» WORK TO COMPLETE:
Go through the data below and return each line where the string "setDP" appears.

Extracted records
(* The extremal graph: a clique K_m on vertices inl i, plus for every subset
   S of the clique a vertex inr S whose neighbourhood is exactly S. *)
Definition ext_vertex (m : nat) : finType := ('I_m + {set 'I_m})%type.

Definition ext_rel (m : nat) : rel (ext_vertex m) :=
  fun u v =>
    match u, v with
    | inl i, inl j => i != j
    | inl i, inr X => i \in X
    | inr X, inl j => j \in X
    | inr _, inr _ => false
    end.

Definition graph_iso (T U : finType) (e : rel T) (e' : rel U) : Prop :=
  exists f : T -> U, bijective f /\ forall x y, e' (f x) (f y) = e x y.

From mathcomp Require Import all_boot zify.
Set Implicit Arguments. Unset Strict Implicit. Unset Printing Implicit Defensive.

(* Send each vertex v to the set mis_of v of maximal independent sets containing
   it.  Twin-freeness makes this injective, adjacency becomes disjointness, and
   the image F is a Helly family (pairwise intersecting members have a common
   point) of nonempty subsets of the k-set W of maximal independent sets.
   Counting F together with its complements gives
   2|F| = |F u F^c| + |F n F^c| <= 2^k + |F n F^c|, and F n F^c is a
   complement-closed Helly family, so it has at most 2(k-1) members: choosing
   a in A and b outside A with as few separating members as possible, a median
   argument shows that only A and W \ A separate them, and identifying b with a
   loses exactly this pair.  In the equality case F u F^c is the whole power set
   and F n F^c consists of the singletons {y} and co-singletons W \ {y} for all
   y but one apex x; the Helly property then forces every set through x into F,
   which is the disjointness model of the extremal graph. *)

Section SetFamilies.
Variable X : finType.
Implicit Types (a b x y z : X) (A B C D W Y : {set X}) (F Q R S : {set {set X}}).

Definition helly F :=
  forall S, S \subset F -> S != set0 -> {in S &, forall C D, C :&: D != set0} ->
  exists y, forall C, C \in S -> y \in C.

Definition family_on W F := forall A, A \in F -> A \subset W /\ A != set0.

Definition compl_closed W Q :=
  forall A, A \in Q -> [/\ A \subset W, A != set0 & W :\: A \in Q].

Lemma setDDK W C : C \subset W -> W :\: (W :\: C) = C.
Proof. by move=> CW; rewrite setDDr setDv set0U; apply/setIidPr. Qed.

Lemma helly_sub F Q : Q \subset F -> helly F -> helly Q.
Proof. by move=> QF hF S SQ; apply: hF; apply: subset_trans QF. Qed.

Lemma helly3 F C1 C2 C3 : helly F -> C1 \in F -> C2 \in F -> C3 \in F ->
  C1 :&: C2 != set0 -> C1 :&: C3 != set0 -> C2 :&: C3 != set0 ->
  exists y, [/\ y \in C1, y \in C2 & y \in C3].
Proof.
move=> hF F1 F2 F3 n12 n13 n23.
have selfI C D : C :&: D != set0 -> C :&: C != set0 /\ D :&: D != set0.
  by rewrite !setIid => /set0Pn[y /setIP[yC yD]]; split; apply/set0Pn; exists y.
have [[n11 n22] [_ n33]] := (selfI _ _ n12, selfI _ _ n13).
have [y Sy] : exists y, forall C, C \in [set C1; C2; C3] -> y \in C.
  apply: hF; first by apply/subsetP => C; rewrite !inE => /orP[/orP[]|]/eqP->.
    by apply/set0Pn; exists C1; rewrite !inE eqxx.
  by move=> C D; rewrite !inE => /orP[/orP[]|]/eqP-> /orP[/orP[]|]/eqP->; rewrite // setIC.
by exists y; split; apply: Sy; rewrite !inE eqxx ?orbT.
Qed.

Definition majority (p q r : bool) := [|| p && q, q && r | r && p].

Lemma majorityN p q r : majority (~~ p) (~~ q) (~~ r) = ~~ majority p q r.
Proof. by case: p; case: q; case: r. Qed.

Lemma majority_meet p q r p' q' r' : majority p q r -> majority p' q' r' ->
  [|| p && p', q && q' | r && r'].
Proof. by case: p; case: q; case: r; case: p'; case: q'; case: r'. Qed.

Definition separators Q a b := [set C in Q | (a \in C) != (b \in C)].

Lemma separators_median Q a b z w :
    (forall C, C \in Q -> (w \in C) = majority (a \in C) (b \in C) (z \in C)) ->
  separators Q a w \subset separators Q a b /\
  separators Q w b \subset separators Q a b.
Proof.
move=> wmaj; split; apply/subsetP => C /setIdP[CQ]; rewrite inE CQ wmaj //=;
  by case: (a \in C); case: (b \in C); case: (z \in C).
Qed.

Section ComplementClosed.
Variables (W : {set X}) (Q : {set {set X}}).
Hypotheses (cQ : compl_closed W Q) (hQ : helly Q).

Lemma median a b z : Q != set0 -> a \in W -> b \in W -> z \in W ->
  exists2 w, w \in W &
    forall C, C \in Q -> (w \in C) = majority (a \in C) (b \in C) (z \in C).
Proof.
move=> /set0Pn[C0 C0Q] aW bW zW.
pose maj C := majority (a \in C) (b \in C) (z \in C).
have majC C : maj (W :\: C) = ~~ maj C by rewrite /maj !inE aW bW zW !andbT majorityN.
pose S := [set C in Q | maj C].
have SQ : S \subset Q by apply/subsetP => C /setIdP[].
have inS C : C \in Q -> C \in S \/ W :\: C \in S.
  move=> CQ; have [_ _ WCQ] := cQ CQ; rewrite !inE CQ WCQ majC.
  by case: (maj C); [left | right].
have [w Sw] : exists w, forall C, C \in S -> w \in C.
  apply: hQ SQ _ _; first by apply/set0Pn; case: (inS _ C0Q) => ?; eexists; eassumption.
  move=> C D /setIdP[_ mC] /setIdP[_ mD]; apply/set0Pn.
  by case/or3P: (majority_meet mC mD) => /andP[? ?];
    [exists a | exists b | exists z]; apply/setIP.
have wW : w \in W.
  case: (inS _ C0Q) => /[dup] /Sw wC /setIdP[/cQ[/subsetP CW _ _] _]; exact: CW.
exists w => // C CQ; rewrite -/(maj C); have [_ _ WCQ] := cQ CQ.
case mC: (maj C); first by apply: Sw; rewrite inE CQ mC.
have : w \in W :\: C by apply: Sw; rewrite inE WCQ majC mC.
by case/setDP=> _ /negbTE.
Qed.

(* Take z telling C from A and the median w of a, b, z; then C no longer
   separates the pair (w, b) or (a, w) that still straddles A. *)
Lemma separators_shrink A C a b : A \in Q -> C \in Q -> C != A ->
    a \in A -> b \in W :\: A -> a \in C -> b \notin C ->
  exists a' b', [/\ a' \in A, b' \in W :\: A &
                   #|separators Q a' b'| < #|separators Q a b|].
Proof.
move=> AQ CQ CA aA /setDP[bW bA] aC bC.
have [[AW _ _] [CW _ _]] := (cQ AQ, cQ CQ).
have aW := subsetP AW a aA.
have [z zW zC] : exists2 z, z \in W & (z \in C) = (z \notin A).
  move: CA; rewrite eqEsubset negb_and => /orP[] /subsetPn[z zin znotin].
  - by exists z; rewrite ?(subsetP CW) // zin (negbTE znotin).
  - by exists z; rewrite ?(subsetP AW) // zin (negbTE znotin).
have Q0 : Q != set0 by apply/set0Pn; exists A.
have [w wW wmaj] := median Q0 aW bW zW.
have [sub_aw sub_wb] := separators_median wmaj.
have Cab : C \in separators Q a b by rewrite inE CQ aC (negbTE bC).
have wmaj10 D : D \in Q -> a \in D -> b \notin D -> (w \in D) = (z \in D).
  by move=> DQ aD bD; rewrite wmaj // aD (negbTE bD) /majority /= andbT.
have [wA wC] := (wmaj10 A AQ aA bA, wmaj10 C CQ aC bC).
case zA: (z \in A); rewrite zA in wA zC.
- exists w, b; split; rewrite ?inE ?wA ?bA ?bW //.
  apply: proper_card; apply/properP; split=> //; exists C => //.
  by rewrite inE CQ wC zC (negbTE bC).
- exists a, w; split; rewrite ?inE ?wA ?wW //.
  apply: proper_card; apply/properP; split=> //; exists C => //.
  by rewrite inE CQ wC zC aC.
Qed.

* * *

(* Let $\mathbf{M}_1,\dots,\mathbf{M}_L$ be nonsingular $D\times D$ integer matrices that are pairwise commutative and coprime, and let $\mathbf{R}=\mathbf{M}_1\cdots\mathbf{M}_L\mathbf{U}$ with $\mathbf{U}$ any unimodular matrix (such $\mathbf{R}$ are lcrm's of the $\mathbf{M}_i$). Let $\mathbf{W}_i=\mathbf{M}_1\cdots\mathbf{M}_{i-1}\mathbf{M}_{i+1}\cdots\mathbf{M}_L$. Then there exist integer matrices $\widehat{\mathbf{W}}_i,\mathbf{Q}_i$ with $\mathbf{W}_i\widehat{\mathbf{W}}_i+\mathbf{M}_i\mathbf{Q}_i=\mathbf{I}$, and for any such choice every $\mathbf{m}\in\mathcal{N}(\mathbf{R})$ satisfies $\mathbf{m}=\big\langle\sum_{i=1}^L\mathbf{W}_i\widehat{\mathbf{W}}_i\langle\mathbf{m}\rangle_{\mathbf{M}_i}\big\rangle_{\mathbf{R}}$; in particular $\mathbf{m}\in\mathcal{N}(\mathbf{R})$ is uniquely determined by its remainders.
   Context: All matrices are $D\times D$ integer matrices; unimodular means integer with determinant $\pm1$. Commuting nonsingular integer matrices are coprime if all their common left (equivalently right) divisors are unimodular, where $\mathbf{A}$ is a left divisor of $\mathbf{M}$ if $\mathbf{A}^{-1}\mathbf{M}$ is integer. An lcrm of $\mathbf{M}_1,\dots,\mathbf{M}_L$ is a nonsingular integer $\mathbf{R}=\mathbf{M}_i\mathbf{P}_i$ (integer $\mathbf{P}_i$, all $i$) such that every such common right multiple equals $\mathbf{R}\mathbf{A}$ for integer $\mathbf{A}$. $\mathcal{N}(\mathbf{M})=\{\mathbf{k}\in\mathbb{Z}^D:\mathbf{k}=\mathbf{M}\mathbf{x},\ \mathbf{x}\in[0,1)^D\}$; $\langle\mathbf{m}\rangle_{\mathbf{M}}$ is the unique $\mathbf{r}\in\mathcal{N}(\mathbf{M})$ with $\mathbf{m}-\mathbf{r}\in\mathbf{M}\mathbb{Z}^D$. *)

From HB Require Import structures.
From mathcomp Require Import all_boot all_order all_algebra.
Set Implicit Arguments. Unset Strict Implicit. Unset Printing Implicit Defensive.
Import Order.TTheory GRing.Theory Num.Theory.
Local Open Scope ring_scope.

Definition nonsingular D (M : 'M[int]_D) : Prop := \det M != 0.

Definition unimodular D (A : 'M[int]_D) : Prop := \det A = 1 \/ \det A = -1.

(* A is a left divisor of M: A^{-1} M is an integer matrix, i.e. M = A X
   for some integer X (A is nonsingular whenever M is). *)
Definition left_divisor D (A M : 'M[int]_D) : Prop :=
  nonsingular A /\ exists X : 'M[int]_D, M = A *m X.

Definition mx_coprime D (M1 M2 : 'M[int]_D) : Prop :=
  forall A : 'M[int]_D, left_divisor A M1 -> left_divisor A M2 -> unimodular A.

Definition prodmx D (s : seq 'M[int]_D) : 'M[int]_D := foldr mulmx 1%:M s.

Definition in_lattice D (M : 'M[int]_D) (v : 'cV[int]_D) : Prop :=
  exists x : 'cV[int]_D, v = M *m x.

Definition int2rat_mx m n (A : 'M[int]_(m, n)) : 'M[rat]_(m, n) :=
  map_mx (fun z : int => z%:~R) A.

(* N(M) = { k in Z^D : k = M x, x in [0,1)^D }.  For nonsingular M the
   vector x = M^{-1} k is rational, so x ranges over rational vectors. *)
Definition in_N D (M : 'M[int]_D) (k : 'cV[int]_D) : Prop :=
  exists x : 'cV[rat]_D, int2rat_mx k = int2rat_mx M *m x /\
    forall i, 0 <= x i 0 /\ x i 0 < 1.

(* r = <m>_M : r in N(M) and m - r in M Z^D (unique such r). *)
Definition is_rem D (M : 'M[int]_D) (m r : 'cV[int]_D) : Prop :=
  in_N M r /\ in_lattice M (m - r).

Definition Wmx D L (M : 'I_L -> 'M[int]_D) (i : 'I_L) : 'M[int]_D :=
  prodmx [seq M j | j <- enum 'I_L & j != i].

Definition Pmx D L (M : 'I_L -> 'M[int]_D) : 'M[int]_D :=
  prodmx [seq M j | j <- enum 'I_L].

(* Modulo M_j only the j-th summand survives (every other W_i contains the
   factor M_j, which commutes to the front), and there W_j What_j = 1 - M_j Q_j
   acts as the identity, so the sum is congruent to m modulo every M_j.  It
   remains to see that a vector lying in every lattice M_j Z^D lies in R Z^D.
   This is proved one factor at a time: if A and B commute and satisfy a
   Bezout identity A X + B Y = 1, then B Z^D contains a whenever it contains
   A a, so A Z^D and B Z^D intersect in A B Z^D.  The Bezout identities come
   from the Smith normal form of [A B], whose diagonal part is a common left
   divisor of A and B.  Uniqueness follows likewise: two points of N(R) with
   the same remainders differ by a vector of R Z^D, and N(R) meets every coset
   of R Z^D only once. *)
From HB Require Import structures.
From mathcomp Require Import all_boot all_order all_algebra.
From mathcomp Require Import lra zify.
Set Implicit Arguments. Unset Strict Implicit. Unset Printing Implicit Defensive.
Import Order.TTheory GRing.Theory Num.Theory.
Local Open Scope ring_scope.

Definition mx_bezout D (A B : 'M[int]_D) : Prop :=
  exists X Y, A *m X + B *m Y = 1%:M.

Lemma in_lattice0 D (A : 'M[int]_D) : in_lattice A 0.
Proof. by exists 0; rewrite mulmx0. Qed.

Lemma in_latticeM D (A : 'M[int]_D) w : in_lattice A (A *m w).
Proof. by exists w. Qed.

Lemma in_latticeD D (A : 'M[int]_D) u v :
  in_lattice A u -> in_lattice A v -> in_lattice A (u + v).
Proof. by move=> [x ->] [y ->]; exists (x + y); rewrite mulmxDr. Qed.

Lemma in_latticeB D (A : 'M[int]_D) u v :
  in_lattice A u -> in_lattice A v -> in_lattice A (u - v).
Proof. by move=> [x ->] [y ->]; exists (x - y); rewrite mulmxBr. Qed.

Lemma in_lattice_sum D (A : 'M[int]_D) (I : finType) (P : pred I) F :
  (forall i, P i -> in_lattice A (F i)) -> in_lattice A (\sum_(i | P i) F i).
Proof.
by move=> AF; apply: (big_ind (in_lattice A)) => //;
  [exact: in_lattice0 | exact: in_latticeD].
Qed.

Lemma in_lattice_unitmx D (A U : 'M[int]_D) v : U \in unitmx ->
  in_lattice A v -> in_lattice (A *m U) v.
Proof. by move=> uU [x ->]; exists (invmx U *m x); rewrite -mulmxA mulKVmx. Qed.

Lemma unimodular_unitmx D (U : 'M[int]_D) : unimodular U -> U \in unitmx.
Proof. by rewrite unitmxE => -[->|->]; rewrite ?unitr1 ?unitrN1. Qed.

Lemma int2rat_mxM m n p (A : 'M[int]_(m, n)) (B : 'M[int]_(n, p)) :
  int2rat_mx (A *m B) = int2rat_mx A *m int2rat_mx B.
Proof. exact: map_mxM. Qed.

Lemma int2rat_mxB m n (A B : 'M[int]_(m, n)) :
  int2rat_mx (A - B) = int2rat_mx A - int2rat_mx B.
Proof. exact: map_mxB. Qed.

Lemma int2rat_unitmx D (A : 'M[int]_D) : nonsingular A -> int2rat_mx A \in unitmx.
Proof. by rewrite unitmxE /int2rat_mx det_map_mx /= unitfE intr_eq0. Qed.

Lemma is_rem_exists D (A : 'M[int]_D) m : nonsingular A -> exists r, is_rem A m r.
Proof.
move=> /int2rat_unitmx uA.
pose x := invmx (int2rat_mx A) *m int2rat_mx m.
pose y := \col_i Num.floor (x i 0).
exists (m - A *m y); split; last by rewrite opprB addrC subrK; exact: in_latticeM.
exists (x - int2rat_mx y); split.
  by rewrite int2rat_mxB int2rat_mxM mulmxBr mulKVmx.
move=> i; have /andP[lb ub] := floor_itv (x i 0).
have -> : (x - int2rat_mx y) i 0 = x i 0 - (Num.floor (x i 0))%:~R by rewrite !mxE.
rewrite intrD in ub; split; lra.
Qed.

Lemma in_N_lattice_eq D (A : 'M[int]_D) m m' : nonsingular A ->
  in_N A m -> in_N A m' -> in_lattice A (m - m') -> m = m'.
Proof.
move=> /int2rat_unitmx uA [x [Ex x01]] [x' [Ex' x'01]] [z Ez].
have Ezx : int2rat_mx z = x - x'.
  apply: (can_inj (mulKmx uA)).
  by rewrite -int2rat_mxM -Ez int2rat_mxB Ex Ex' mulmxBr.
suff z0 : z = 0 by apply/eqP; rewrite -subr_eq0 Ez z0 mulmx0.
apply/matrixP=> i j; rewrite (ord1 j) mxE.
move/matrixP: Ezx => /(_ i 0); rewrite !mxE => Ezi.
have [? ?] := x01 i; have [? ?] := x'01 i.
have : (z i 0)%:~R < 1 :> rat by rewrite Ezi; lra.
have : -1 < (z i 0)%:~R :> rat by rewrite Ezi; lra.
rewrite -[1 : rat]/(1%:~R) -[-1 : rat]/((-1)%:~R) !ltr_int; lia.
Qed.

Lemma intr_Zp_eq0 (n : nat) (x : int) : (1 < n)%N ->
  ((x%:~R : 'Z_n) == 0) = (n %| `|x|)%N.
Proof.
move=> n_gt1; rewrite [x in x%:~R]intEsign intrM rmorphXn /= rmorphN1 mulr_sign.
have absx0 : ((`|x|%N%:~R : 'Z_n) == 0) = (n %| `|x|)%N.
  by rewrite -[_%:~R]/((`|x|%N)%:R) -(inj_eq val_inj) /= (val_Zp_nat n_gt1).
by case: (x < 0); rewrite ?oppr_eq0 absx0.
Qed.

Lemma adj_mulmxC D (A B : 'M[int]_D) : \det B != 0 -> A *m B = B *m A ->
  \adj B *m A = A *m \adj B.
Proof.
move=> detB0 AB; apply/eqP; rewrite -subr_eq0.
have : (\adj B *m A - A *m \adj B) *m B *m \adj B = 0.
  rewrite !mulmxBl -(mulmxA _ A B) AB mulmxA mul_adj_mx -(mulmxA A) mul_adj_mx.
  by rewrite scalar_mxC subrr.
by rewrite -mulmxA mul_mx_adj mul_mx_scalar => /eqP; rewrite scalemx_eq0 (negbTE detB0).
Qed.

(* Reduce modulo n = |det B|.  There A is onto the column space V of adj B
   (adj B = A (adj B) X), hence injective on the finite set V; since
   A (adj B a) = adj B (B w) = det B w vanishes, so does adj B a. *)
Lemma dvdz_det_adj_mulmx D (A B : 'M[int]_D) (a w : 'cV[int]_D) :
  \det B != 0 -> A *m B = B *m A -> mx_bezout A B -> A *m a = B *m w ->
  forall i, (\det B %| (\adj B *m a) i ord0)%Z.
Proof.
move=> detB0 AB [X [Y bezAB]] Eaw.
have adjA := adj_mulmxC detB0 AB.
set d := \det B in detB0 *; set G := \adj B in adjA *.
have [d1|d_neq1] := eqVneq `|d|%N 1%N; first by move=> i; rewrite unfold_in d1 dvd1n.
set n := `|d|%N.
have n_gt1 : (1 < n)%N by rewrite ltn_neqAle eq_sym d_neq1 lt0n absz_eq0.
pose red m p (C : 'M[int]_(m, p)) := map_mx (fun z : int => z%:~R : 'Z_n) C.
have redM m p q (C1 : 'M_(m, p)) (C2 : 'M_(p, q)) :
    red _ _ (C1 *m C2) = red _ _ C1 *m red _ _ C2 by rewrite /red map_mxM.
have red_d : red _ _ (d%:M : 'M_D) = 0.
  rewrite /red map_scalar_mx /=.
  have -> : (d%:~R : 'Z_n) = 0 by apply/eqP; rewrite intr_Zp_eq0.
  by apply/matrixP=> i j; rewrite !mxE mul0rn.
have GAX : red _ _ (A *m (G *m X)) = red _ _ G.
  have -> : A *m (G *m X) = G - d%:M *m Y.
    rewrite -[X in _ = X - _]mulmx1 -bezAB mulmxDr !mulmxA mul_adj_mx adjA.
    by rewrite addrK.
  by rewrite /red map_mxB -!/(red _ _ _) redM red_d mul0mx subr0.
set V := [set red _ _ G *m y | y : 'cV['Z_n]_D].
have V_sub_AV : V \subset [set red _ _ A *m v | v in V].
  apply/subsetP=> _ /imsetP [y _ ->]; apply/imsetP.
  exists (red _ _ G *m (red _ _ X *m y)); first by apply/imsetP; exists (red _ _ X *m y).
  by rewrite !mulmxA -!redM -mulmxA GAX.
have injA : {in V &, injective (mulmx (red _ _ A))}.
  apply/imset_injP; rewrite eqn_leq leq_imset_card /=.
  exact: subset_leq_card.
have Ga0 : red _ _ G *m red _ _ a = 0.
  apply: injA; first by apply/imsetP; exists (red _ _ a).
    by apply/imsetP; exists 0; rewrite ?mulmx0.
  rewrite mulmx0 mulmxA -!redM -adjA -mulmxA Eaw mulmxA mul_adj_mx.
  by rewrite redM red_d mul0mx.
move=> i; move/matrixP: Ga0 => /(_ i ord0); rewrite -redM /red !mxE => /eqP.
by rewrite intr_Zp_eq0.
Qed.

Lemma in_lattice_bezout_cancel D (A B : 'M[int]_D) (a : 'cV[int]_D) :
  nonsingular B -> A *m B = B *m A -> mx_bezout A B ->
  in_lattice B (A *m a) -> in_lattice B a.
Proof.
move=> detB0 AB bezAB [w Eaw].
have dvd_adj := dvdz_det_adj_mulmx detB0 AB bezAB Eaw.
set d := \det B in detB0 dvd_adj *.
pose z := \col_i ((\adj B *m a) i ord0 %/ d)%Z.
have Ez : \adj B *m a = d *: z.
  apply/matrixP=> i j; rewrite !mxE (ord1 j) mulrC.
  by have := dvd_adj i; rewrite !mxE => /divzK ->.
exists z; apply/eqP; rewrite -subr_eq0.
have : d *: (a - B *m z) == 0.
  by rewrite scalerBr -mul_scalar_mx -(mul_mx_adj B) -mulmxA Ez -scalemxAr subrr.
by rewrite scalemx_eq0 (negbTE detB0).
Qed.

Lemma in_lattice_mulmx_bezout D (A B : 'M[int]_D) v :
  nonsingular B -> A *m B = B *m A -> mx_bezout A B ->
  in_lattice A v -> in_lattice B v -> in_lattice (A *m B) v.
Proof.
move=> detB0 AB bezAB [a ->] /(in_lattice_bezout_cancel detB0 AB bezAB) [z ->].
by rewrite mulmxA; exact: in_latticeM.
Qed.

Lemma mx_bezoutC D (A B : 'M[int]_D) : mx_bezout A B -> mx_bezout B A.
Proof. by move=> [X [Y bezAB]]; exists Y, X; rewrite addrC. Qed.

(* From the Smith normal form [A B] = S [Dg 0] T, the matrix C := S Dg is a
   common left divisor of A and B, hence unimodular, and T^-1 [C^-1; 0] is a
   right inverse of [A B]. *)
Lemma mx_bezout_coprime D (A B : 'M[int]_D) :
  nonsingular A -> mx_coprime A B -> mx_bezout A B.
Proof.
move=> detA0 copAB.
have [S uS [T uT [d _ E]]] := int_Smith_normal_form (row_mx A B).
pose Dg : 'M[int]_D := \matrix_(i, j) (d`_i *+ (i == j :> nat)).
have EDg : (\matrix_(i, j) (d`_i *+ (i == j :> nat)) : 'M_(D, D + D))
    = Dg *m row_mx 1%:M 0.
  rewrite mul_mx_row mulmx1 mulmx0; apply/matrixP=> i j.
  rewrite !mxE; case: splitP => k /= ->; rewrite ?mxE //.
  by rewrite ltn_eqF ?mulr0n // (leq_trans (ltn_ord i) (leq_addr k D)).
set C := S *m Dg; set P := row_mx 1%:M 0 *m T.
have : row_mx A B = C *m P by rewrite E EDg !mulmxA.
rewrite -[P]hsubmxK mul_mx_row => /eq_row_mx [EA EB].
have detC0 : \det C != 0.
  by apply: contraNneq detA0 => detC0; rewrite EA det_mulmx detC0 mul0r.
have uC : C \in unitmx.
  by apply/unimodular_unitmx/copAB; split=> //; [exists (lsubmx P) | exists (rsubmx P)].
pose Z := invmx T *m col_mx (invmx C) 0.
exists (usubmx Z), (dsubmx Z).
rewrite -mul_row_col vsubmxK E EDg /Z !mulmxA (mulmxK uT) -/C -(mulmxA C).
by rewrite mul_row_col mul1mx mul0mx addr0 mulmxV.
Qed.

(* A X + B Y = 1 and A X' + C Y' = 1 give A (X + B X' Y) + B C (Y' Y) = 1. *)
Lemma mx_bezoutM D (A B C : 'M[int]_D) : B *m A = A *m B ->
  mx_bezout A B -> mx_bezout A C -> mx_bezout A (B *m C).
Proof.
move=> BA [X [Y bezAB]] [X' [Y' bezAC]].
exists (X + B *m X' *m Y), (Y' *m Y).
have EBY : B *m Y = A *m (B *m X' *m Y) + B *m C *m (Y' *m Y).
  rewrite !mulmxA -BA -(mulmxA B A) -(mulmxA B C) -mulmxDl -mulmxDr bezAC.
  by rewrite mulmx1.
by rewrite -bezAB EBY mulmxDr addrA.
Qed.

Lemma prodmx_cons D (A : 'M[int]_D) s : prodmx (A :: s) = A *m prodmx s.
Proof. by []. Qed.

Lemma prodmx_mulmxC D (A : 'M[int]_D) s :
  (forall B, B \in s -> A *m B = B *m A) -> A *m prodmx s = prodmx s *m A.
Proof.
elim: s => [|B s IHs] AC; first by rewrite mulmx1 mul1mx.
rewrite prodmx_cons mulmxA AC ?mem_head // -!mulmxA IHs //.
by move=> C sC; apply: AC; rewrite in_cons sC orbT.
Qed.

» ANSWER BOX:
by case/setDP=> _ /negbTE.
move=> AQ CQ CA aA /setDP[bW bA] aC bC.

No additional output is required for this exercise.